(Assignment):
For the entries below, repeat exactly each line starting with the one that contains "Local Open Scope complex_scope." and going on through the one that contains "(if i == j then ((1", and no others.

(Source material begins)

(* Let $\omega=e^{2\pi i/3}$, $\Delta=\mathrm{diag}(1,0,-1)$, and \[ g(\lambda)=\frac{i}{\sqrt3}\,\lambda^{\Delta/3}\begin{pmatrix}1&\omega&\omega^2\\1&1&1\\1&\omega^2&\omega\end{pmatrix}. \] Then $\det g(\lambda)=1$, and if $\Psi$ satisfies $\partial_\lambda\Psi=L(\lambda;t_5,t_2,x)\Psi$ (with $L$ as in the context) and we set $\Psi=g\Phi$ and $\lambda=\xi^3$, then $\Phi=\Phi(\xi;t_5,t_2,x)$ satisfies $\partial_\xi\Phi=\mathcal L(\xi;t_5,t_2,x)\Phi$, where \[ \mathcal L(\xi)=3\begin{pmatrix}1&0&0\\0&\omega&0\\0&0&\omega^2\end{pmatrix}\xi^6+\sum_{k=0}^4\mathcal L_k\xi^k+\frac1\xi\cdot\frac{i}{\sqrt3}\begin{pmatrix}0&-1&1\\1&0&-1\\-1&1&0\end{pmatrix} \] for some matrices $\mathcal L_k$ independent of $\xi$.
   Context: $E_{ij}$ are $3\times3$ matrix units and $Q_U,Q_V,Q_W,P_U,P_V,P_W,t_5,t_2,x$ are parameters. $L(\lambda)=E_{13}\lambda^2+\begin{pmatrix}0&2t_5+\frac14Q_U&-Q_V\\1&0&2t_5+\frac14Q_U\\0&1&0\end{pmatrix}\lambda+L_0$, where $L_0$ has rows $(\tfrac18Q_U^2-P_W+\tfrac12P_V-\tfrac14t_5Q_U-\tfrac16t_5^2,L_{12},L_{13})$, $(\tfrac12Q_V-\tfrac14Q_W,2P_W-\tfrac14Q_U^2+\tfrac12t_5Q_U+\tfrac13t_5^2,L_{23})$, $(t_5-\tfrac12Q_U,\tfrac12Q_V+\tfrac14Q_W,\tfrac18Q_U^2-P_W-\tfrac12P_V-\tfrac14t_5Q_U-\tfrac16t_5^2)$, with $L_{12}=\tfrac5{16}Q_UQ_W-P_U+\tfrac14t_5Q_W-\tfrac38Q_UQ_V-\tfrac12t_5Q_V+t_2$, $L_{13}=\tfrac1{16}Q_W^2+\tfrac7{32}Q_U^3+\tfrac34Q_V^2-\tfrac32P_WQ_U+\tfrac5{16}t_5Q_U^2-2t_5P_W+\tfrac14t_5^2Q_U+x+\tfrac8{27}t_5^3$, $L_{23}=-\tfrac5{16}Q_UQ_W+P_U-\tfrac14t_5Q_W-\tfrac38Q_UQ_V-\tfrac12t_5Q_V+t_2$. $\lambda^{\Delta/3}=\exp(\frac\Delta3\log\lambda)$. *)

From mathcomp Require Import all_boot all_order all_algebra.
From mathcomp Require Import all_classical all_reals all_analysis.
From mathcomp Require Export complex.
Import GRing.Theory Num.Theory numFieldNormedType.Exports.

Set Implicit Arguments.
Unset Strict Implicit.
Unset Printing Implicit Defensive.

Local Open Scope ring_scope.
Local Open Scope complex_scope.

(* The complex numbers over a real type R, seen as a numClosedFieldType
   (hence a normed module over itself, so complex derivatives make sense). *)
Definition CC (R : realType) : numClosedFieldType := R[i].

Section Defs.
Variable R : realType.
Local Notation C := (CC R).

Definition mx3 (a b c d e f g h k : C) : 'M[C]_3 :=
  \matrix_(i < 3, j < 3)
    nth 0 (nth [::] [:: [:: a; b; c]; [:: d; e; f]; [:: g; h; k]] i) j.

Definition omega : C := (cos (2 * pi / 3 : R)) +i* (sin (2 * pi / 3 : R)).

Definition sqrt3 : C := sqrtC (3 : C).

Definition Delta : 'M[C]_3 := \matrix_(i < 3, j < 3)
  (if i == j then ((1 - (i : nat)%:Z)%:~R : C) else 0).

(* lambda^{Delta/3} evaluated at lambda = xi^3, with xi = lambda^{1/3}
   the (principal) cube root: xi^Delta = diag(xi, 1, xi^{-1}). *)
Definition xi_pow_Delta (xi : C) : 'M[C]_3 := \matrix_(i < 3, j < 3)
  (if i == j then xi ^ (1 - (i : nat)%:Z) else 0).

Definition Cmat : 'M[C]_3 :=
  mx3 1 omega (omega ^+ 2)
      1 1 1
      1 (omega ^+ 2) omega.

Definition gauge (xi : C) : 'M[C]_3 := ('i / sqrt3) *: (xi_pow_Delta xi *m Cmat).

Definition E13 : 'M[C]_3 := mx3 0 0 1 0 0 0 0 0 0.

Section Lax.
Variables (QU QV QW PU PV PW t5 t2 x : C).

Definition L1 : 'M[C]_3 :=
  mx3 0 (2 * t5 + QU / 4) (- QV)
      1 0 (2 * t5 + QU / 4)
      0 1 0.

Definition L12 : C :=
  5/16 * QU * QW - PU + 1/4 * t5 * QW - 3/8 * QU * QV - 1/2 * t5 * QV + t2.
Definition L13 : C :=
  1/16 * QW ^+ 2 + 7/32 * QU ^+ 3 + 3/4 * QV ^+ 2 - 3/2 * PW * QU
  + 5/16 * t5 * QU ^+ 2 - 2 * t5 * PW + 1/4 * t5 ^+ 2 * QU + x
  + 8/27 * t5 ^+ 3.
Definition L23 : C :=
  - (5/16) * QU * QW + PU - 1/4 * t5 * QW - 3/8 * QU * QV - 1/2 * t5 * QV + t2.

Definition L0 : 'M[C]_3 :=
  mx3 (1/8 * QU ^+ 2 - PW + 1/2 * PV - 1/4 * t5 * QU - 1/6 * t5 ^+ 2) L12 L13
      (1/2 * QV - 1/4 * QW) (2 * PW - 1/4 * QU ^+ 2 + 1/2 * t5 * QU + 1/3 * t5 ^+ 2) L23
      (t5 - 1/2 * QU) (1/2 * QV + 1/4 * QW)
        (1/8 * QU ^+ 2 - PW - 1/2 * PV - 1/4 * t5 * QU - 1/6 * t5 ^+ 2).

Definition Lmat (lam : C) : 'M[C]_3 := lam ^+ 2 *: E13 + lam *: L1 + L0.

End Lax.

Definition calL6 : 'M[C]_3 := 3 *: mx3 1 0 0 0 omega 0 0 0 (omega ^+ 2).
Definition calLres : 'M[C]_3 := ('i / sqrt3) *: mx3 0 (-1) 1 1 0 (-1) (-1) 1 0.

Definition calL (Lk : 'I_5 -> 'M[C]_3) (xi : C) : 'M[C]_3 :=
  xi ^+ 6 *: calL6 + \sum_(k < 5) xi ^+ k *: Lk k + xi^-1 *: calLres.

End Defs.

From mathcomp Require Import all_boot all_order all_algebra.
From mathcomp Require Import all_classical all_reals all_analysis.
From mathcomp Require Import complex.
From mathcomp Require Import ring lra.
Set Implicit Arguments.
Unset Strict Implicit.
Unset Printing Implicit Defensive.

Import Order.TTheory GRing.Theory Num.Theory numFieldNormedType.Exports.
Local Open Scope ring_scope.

(Source material ends)

(Response to this task):
Local Open Scope complex_scope.

(* The complex numbers over a real type R, seen as a numClosedFieldType
   (hence a normed module over itself, so complex derivatives make sense). *)
Definition CC (R : realType) : numClosedFieldType := R[i].

Section Defs.
Variable R : realType.
Local Notation C := (CC R).

Definition mx3 (a b c d e f g h k : C) : 'M[C]_3 :=
  \matrix_(i < 3, j < 3)
    nth 0 (nth [::] [:: [:: a; b; c]; [:: d; e; f]; [:: g; h; k]] i) j.

Definition omega : C := (cos (2 * pi / 3 : R)) +i* (sin (2 * pi / 3 : R)).

Definition sqrt3 : C := sqrtC (3 : C).

Definition Delta : 'M[C]_3 := \matrix_(i < 3, j < 3)
  (if i == j then ((1 - (i : nat)%:Z)%:~R : C) else 0).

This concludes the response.